Long ago in a Turkish-speaking galaxy far, far away, the universe is being imperiled by a quartet of evildoers: two bush-haired men wearing Mardi Gras costumes, a slutty babe dressed as Cleopatra, and a blue robot with an ambulance light on his head. (I am not making this up…I could not possibly make this up!) Their fleet of spaceships go to war against the flying saucers of a heroic group of rebels, and for several minutes the screen is filled with F/X footage from a battered print of “Star Wars.”

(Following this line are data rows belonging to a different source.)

(* Let $n\ge 1$ and let $\xi=(\xi^1,\ldots,\xi^n)\in\mathbb{Z}^n\setminus\{0\}$. Let $k$ be the number of non-zero coordinates of $\xi$; write $\xi^{i_1},\ldots,\xi^{i_k}\neq 0$ with $i_1<\cdots<i_k$, and $\xi^{j_1}=\cdots=\xi^{j_{n-k}}=0$ with $j_1<\cdots<j_{n-k}$. Fix $\bar s\in\{1,\ldots,k\}$ and define vectors $\xi_1,\ldots,\xi_n\in\mathbb{Z}^n$ as follows: - $\xi_1=\xi$; - for $p=2,\ldots,k-\bar s+1$: $\xi_p^{i_{\bar s-1+p}}=-\xi^{i_{\bar s-1+p}}$ and $\xi_p^i=\xi^i$ for all other indices $i$; - for $p=k-\bar s+2,\ldots,k$: $\xi_p^{i_{\bar s-1+p-k}}=-\xi^{i_{\bar s-1+p-k}}$ and $\xi_p^i=\xi^i$ for all other indices $i$; - for $p=k+1,\ldots,n$: $\xi_p^{i_{\bar s}}=0$, $\xi_p^{j_{p-k}}=\xi^{i_{\bar s}}$, and $\xi_p^i=\xi^i$ for all other indices $i$. Then the vectors $\xi_1,\ldots,\xi_n$ are linearly independent.
   Context: Here $\xi_p^i$ denotes the $i$-th coordinate of the vector $\xi_p$. *)

(* Vectors of Z^n are functions 'I_n -> int (coordinates 0..n-1);
   paper indices (1-based) are handled by the nat arithmetic below. *)
From mathcomp Require Import all_boot all_order all_algebra.
Set Implicit Arguments. Unset Strict Implicit. Unset Printing Implicit Defensive.
Import Order.TTheory GRing.Theory Num.Theory.
Local Open Scope ring_scope.

Definition nzidx n (xi : 'I_n -> int) : seq 'I_n := [seq i <- enum 'I_n | xi i != 0].
Definition zidx n (xi : 'I_n -> int) : seq 'I_n := [seq i <- enum 'I_n | xi i == 0].

Definition nzcount n (xi : 'I_n -> int) : nat := size (nzidx xi).

Definition iidx n (xi : 'I_n -> int) (a : nat) : nat := nth 0%N (map val (nzidx xi)) a.-1.
Definition jidx n (xi : 'I_n -> int) (a : nat) : nat := nth 0%N (map val (zidx xi)) a.-1.
Definition ival n (xi : 'I_n -> int) (a : nat) : int := nth 0 (map xi (nzidx xi)) a.-1.

Definition xivec n (xi : 'I_n -> int) (sbar p : nat) : 'I_n -> int :=
  let k := nzcount xi in
  fun i =>
  if p == 1%N then xi i
  else if (p <= k - sbar + 1)%N then
    (if val i == iidx xi (sbar - 1 + p) then - xi i else xi i)
  else if (p <= k)%N then
    (if val i == iidx xi (sbar - 1 + p - k) then - xi i else xi i)
  else
    (if val i == iidx xi sbar then 0
     else if val i == jidx xi (p - k) then ival xi sbar
     else xi i).

Definition lin_indep m n (v : 'I_m -> 'I_n -> int) : Prop :=
  forall c : 'I_m -> int,
    (forall i : 'I_n, \sum_(p < m) c p * v p i = 0) -> forall p, c p = 0.

(* Write k for the number of non-zero coordinates of xi and c for the
   coefficients of a vanishing combination of xi_1, ..., xi_n.  At the zero
   coordinate j_m only xi_{k+m} is non-zero, so the last n - k coefficients
   vanish.  At i_sbar every remaining xi_p agrees with xi, so the c_p sum to 0.
   For 1 < p <= k, xi_p differs from xi only by the sign at i_q, where q runs
   cyclically through the positions other than sbar; reading the combination
   at i_q gives -2 c_p xi^{i_q} = 0.  Finally c_1 = 0 because the sum is 0. *)
From mathcomp Require Import all_boot all_order all_algebra.
From mathcomp Require Import zify.
Set Implicit Arguments.
Unset Strict Implicit.
Unset Printing Implicit Defensive.
Import GRing.Theory Num.Theory.
Local Open Scope ring_scope.

Section VanishingCombination.
Variables (R : idomainType) (m n : nat) (v : 'I_m -> 'I_n -> R) (c : 'I_m -> R).
Hypothesis comb0 : forall i, \sum_(p < m) c p * v p i = 0.

Lemma coef_eq0_at_pivot (i : 'I_n) (p0 : 'I_m) :
  (forall p, p != p0 -> v p i = 0) -> v p0 i != 0 -> c p0 = 0.
Proof.
move=> v_off v_p0; have := comb0 i.
rewrite (bigD1 p0) //= big1 ?addr0 => [/eqP|p /v_off ->]; last exact: mulr0.
by rewrite mulf_eq0 (negbTE v_p0) orbF => /eqP.
Qed.

Lemma sum_coef_eq0_at_const (i : 'I_n) (a : R) :
  (forall p, c p != 0 -> v p i = a) -> a != 0 -> \sum_(p < m) c p = 0.
Proof.
move=> v_a a_neq0; have := comb0 i.
rewrite (eq_bigr (fun p => c p * a)) => [|p _]; last first.
  by have [->|/v_a ->] := eqVneq (c p) 0; rewrite ?mul0r.
by rewrite -mulr_suml => /eqP; rewrite mulf_eq0 (negbTE a_neq0) orbF => /eqP.
Qed.

End VanishingCombination.

Lemma coef_eq0_at_flip (R : numDomainType) m n (v : 'I_m -> 'I_n -> R)
    (c : 'I_m -> R) (i : 'I_n) (p0 : 'I_m) (a : R) :
  (forall i, \sum_(p < m) c p * v p i = 0) -> \sum_(p < m) c p = 0 ->
  (forall p, p != p0 -> c p != 0 -> v p i = a) -> v p0 i = - a -> a != 0 ->
  c p0 = 0.
Proof.
move=> comb0 sum0 v_a v_p0 a_neq0; have := comb0 i.
rewrite (bigD1 p0) //= v_p0 (eq_bigr (fun p => c p * a)) => [|p p_neq]; last first.
  by have [->|/(v_a _ p_neq) ->] := eqVneq (c p) 0; rewrite ?mul0r.
have -> : \sum_(p < m | p != p0) c p * a = - c p0 * a.
  move: sum0; rewrite (bigD1 p0) //= => /eqP; rewrite addr_eq0 => /eqP rest.
  by rewrite -mulr_suml rest opprK.
rewrite mulrN mulNr -opprD -mulrDl => /eqP; rewrite oppr_eq0 mulf_eq0 (negbTE a_neq0).
by rewrite orbF -mulr2n mulrn_eq0 => /eqP.
Qed.

Definition cyclic_shift (k s p : nat) : nat :=
  if (s + p <= k)%N then (s + p)%N else (s + p - k)%N.

Lemma cyclic_shift_gt0 k s p : (0 < s)%N -> (p < k)%N -> (0 < cyclic_shift k s p)%N.
Proof. by rewrite /cyclic_shift; case: ifP; lia. Qed.

Lemma cyclic_shift_le k s p : (s <= k)%N -> (p < k)%N -> (cyclic_shift k s p <= k)%N.
Proof. by rewrite /cyclic_shift; case: ifP; lia. Qed.

Lemma cyclic_shift_neq k s p : (0 < p < k)%N -> cyclic_shift k s p != s.
Proof. by rewrite /cyclic_shift; case: ifP; lia. Qed.

Lemma cyclic_shift_inj k s p q : (p < k)%N -> (q < k)%N ->
  (cyclic_shift k s p == cyclic_shift k s q) = (p == q).
Proof. by rewrite /cyclic_shift; do 2 case: ifP; lia. Qed.

Section Positions.
Variables (n : nat) (xi : 'I_n -> int) (i0 : 'I_n).
Local Notation k := (nzcount xi).

Definition nzpos (a : nat) : 'I_n := nth i0 (nzidx xi) a.-1.
Definition zpos (a : nat) : 'I_n := nth i0 (zidx xi) a.-1.

Lemma nzcount_add_size_zidx : (k + size (zidx xi))%N = n.
Proof.
rewrite /nzcount /nzidx /zidx !size_filter -[in RHS](size_enum_ord n).
rewrite -(count_predC (fun i : 'I_n => xi i != 0)).
by congr (_ + _)%N; apply: eq_count => i /=; rewrite negbK.
Qed.

Lemma nzidx_uniq : uniq (nzidx xi). Proof. by rewrite filter_uniq ?enum_uniq. Qed.
Lemma zidx_uniq : uniq (zidx xi). Proof. by rewrite filter_uniq ?enum_uniq. Qed.

Section NonZero.
Variable a : nat.
Hypotheses (a_gt0 : (0 < a)%N) (a_le_k : (a <= k)%N).

Lemma iidx_nzpos : iidx xi a = nzpos a.
Proof. by rewrite /iidx /nzpos (nth_map i0) // prednK. Qed.

Lemma ival_nzpos : ival xi a = xi (nzpos a).
Proof. by rewrite /ival /nzpos (nth_map i0) // prednK. Qed.

Lemma xi_nzpos_neq0 : xi (nzpos a) != 0.
Proof.
have : nzpos a \in nzidx xi by apply: mem_nth; rewrite prednK.
by rewrite mem_filter => /andP[].
Qed.

Lemma nzpos_eqE b : (0 < b)%N -> (b <= k)%N -> (val (nzpos b) == iidx xi a) = (b == a).
Proof.
move=> b_gt0 b_le_k; rewrite iidx_nzpos (inj_eq val_inj) /nzpos.
rewrite nth_uniq ?prednK ?nzidx_uniq //; by apply/idP/idP => /eqP ?; apply/eqP; lia.
Qed.

End NonZero.

Section Zero.
Variable a : nat.
Hypotheses (a_gt0 : (0 < a)%N) (a_le : (a <= size (zidx xi))%N).

Lemma jidx_zpos : jidx xi a = zpos a.
Proof. by rewrite /jidx /zpos (nth_map i0) // prednK. Qed.

Lemma xi_zpos : xi (zpos a) = 0.
Proof.
have : zpos a \in zidx xi by apply: mem_nth; rewrite prednK.
by rewrite mem_filter => /andP[/eqP].
Qed.

Lemma zpos_eqE b : (0 < b)%N -> (b <= size (zidx xi))%N ->
  (val (zpos b) == jidx xi a) = (b == a).
Proof.
move=> b_gt0 b_le; rewrite jidx_zpos (inj_eq val_inj) /zpos.
rewrite nth_uniq ?prednK ?zidx_uniq //; by apply/idP/idP => /eqP ?; apply/eqP; lia.
Qed.

Lemma zpos_neq_iidx b : (0 < b)%N -> (b <= k)%N -> (val (zpos a) == iidx xi b) = false.
Proof.
move=> b_gt0 b_le_k; rewrite iidx_nzpos //; apply/negbTE/eqP => /val_inj eq_ab.
by have := xi_nzpos_neq0 b_gt0 b_le_k; rewrite -eq_ab xi_zpos eqxx.
Qed.

End Zero.

End Positions.

Section Xivec.
Variables (n : nat) (xi : 'I_n -> int) (sbar : nat) (i0 : 'I_n).
Local Notation k := (nzcount xi).
Hypotheses (sbar_gt0 : (0 < sbar)%N) (sbar_le_k : (sbar <= k)%N).
Local Notation nzpos := (nzpos xi i0).
Local Notation zpos := (zpos xi i0).
Local Notation shift := (cyclic_shift k sbar).

Lemma xivec_low (p : nat) (i : 'I_n) : (p < k)%N ->
  xivec xi sbar p.+1 i =
    if (0 < p)%N && (val i == iidx xi (shift p)) then - xi i else xi i.
Proof.
move=> p_lt_k; rewrite /xivec /cyclic_shift; case: (posnP p) => [->|p_gt0] //=.
rewrite ifN; last lia.
have -> : (sbar - 1 + p.+1 = sbar + p)%N by lia.
have -> : (p < k - sbar + 1)%N = (sbar + p <= k)%N by apply/idP/idP; lia.
by rewrite p_lt_k; case: leqP.
Qed.

Lemma xivec_high (p : nat) (i : 'I_n) : (k <= p)%N ->
  xivec xi sbar p.+1 i =
    if val i == iidx xi sbar then 0
    else if val i == jidx xi (p.+1 - k) then ival xi sbar else xi i.
Proof.
by move=> k_le_p; rewrite /xivec; do 3 (case: ifP => ?; first lia).
Qed.

Lemma xivec_zpos (p : nat) (a : nat) : (p < n)%N -> (0 < a)%N -> (a <= n - k)%N ->
  xivec xi sbar p.+1 (zpos a) = if p.+1 == (k + a)%N then xi (nzpos sbar) else 0.
Proof.
have size_z := nzcount_add_size_zidx xi.
move=> p_lt_n a_gt0 a_le; have [p_lt_k|k_le_p] := ltnP p k.
  by rewrite xivec_low // xi_zpos ?oppr0 ?if_same ?ifN //; lia.
rewrite xivec_high // zpos_neq_iidx ?zpos_eqE ?(ival_nzpos i0) ?xi_zpos //; try lia.
by have -> : (a == p.+1 - k)%N = (p.+1 == k + a)%N by apply/idP/idP => /eqP ?; apply/eqP; lia.
Qed.

Lemma xivec_nzpos_sbar (p : nat) :
  xivec xi sbar p.+1 (nzpos sbar) = if (p < k)%N then xi (nzpos sbar) else 0.
Proof.
have [p_lt_k|k_le_p] := ltnP p k; last by rewrite xivec_high // nzpos_eqE ?eqxx.
rewrite xivec_low // nzpos_eqE ?cyclic_shift_gt0 ?cyclic_shift_le //.
have [p_eq0|p_gt0] := posnP p; first by rewrite p_eq0.
by rewrite eq_sym (negbTE (cyclic_shift_neq _ _)) // p_gt0 p_lt_k.
Qed.

Lemma xivec_nzpos_shift (p q : nat) : (0 < q < k)%N -> (p < k)%N ->
  xivec xi sbar p.+1 (nzpos (shift q)) =
    if p == q then - xi (nzpos (shift q)) else xi (nzpos (shift q)).
Proof.
move=> /andP[q_gt0 q_lt_k] p_lt_k.
rewrite xivec_low // nzpos_eqE ?cyclic_shift_gt0 ?cyclic_shift_le // cyclic_shift_inj //.
have [->|p_gt0] := posnP p; first by rewrite [0%N == q]eq_sym (gtn_eqF q_gt0).
by rewrite eq_sym.
Qed.

Section Combination.
Variable c : 'I_n -> int.
Hypothesis comb0 : forall i, \sum_(p < n) c p * xivec xi sbar p.+1 i = 0.

Lemma coef_high_eq0 (p : 'I_n) : (k <= p)%N -> c p = 0.
Proof.
have size_z := nzcount_add_size_zidx xi; have p_lt_n := ltn_ord p.
move=> k_le_p; apply: (coef_eq0_at_pivot comb0 (i := zpos (p.+1 - k))).
  move=> p' /negPf p'_neq; rewrite xivec_zpos //; try lia.
  rewrite ifN //; apply: contraFN p'_neq => /eqP eq_p; apply/eqP/val_inj => /=; lia.
rewrite xivec_zpos; try lia.
by rewrite ifT ?xi_nzpos_neq0 //; apply/eqP; lia.
Qed.

Lemma sum_coef_eq0 : \sum_(p < n) c p = 0.
Proof.
have xi_sbar_neq0 := xi_nzpos_neq0 i0 sbar_gt0 sbar_le_k.
apply: (sum_coef_eq0_at_const comb0 (i := nzpos sbar)) xi_sbar_neq0 => p.
rewrite xivec_nzpos_sbar; have [//|k_le_p] := ltnP p k.
by rewrite coef_high_eq0 ?eqxx.
Qed.

Lemma coef_mid_eq0 (p : 'I_n) : (0 < p < k)%N -> c p = 0.
Proof.
move=> /andP[p_gt0 p_lt_k].
have q_gt0 := cyclic_shift_gt0 sbar_gt0 p_lt_k.
have q_le_k := cyclic_shift_le sbar_le_k p_lt_k.
apply: (coef_eq0_at_flip comb0 sum_coef_eq0 (i := nzpos (shift p))).
- move=> p' p'_neq cp'_neq0; have [p'_lt_k|k_le_p'] := ltnP p' k.
    by rewrite xivec_nzpos_shift ?p_gt0 // ifN.
  by rewrite coef_high_eq0 ?eqxx in cp'_neq0.
- by rewrite xivec_nzpos_shift ?p_gt0 ?eqxx.
- exact: xi_nzpos_neq0.
Qed.

End Combination.

End Xivec.

Theorem lemma3p1 (n : nat) (xi : 'I_n -> int) (sbar : nat) :
  (1 <= n)%N ->
  (exists i, xi i != 0) ->
  (1 <= sbar)%N -> (sbar <= nzcount xi)%N ->
  lin_indep (fun p : 'I_n => xivec xi sbar p.+1).
Proof.
move=> _ [i0 _] sbar_gt0 sbar_le_k c comb0.
have c_high := coef_high_eq0 i0 sbar_gt0 sbar_le_k comb0.
have c_mid := coef_mid_eq0 i0 sbar_gt0 sbar_le_k comb0.
move=> p; have [p_lt_k|/c_high //] := ltnP p (nzcount xi).
have [p_eq0|p_gt0] := posnP p; last by apply: c_mid; rewrite p_gt0.
have := sum_coef_eq0 i0 sbar_gt0 sbar_le_k comb0.
rewrite (bigD1 p) //= big1 ?addr0 // => p' p'_neq.
have p'_gt0 : (0 < p')%N.
  by rewrite lt0n; apply: contra p'_neq => /eqP p'_eq0; apply/eqP/val_inj; rewrite /= p'_eq0.
have [p'_lt_k|/c_high //] := ltnP p' (nzcount xi).
by apply: c_mid; rewrite p'_gt0.
Qed.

… and so forth to the horrid climax: …

Now it’s time for a showdown between our golden gloved good guy and the entire cast of miscreants. A huge rumble takes place in an open field, with the villains getting their heads decapitated left and right. While this is going on , footage from the outer space battles in “Star Wars” is repeated, along with scenes from a film about the destruction of Sodom and Gomorrah. After much derring-do and chopping, the bad guys are vanquished and everyone lives happily ever after. The man with the golden gloves goes back into outer space, leaving his chemically-enhanced blonde lady friend behind to clean up all of the severed heads.

What can anyone say? “The Turkish Star Wars” makes film criticism moot. From the early days of the flickering shadow scenes in the Lumiere Brothers’s shorts through today’s digital cinema, there has never been a film quite like this. Help us, Obi Wan Kenobi…help us!